To do: Look through the records below for the line with "have := gap _ _ Bp Bp'". Return that line and each one after it up to and including the line with "have n_gt0 : 0", exactly.

Stored data:
=== Section Start ===
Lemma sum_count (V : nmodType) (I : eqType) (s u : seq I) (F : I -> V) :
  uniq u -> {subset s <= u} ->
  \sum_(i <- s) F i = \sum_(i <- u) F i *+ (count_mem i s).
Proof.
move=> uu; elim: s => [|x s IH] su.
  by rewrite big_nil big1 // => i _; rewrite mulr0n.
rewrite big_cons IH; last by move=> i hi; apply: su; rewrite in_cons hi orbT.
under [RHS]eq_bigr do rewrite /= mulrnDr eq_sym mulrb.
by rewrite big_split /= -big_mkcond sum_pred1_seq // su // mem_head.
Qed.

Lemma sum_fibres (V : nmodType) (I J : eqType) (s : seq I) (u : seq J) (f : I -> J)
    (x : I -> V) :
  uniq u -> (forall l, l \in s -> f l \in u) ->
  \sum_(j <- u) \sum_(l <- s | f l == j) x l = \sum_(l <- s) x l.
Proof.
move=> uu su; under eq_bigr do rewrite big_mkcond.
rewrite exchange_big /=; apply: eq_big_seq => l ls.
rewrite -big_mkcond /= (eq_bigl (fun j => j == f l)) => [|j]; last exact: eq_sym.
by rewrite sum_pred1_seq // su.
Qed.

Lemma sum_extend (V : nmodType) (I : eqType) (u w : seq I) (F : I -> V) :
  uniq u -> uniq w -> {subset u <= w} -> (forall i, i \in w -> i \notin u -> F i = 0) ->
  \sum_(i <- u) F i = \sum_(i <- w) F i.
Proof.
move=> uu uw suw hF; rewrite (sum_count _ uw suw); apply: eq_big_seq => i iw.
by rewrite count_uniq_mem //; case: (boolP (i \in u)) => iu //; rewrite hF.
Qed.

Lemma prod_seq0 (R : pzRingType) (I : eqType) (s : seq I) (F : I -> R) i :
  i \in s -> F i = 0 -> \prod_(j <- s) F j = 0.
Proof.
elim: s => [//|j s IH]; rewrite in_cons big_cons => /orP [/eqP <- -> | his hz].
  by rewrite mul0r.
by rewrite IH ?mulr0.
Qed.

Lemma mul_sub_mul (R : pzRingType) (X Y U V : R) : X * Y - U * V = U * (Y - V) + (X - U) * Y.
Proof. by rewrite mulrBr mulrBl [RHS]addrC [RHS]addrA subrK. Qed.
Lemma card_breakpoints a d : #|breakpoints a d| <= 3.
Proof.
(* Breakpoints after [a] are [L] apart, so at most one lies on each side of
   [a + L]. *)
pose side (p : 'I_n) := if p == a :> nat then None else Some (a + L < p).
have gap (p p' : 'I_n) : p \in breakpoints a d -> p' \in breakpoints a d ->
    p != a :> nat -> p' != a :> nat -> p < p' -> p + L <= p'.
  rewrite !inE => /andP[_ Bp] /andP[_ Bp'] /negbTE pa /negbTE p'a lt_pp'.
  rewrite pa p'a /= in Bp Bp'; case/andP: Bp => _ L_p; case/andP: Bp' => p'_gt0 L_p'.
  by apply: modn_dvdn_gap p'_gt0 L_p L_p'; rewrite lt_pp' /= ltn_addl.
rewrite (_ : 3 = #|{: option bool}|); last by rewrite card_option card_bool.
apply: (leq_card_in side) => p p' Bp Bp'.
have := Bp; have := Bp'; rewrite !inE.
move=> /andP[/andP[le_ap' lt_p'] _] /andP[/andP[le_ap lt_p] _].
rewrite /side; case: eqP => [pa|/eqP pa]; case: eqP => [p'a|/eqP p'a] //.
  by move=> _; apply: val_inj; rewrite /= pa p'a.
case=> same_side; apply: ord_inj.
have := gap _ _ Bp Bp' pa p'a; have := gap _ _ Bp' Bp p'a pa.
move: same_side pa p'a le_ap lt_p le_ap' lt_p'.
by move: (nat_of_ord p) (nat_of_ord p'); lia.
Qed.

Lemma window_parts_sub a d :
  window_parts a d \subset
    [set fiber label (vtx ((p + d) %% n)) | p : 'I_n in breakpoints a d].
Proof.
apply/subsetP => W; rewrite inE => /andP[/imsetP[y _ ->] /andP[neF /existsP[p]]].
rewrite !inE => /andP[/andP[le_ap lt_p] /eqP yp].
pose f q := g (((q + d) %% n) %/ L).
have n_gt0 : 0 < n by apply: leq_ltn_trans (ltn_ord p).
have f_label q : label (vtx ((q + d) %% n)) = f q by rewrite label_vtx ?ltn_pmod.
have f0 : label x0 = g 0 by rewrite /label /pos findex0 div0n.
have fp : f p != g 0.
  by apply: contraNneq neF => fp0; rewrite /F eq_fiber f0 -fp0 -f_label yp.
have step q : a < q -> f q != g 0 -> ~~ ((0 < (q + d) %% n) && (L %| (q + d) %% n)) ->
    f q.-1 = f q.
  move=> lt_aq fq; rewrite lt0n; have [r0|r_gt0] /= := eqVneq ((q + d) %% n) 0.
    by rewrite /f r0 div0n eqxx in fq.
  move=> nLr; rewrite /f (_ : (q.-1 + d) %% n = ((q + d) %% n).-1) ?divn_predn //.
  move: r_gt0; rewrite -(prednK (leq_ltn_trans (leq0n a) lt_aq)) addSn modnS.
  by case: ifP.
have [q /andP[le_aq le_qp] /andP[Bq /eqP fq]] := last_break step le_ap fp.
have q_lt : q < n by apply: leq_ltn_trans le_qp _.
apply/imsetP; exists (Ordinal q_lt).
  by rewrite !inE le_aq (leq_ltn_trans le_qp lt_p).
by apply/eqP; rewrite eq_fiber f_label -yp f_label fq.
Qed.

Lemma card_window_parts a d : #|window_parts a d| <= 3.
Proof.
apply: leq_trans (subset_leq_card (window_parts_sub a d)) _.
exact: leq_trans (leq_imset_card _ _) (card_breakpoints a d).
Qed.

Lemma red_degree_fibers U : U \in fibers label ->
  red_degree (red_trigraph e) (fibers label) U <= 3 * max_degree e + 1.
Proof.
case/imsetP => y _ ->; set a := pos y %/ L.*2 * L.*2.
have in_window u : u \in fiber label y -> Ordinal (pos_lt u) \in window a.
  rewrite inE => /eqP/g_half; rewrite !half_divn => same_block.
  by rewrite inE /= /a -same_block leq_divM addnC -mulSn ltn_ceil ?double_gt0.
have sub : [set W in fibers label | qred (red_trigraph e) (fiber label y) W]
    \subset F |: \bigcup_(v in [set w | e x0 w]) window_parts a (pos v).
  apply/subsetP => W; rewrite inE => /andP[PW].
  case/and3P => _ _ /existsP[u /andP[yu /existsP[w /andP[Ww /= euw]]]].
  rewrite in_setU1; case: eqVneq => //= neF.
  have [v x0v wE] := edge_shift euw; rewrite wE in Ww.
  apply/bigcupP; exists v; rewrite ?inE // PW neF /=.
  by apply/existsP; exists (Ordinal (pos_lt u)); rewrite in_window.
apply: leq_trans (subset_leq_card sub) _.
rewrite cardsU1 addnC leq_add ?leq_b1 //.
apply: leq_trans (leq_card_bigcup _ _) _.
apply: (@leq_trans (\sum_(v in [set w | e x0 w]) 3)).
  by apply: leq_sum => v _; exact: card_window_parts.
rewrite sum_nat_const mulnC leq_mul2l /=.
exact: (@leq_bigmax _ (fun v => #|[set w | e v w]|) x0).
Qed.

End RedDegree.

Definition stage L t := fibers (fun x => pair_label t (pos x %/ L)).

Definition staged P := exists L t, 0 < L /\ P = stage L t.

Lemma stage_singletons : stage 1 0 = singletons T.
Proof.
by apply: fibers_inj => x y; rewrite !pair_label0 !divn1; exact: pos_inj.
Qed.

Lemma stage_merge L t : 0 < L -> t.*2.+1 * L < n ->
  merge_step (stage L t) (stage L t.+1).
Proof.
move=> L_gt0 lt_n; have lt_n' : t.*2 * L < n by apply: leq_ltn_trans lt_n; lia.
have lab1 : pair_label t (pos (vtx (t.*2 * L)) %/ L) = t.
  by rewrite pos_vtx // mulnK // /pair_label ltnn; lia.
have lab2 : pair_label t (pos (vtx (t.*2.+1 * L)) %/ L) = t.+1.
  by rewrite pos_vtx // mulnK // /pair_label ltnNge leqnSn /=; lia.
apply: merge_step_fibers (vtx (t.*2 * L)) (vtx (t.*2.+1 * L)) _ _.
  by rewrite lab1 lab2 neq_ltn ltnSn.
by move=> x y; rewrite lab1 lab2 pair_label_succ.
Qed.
=== Section End ===
Result below:
have := gap _ _ Bp Bp' pa p'a; have := gap _ _ Bp' Bp p'a pa.
move: same_side pa p'a le_ap lt_p le_ap' lt_p'.
by move: (nat_of_ord p) (nat_of_ord p'); lia.
Qed.

Lemma window_parts_sub a d :
  window_parts a d \subset
    [set fiber label (vtx ((p + d) %% n)) | p : 'I_n in breakpoints a d].
Proof.
apply/subsetP => W; rewrite inE => /andP[/imsetP[y _ ->] /andP[neF /existsP[p]]].
rewrite !inE => /andP[/andP[le_ap lt_p] /eqP yp].
pose f q := g (((q + d) %% n) %/ L).
have n_gt0 : 0 < n by apply: leq_ltn_trans (ltn_ord p).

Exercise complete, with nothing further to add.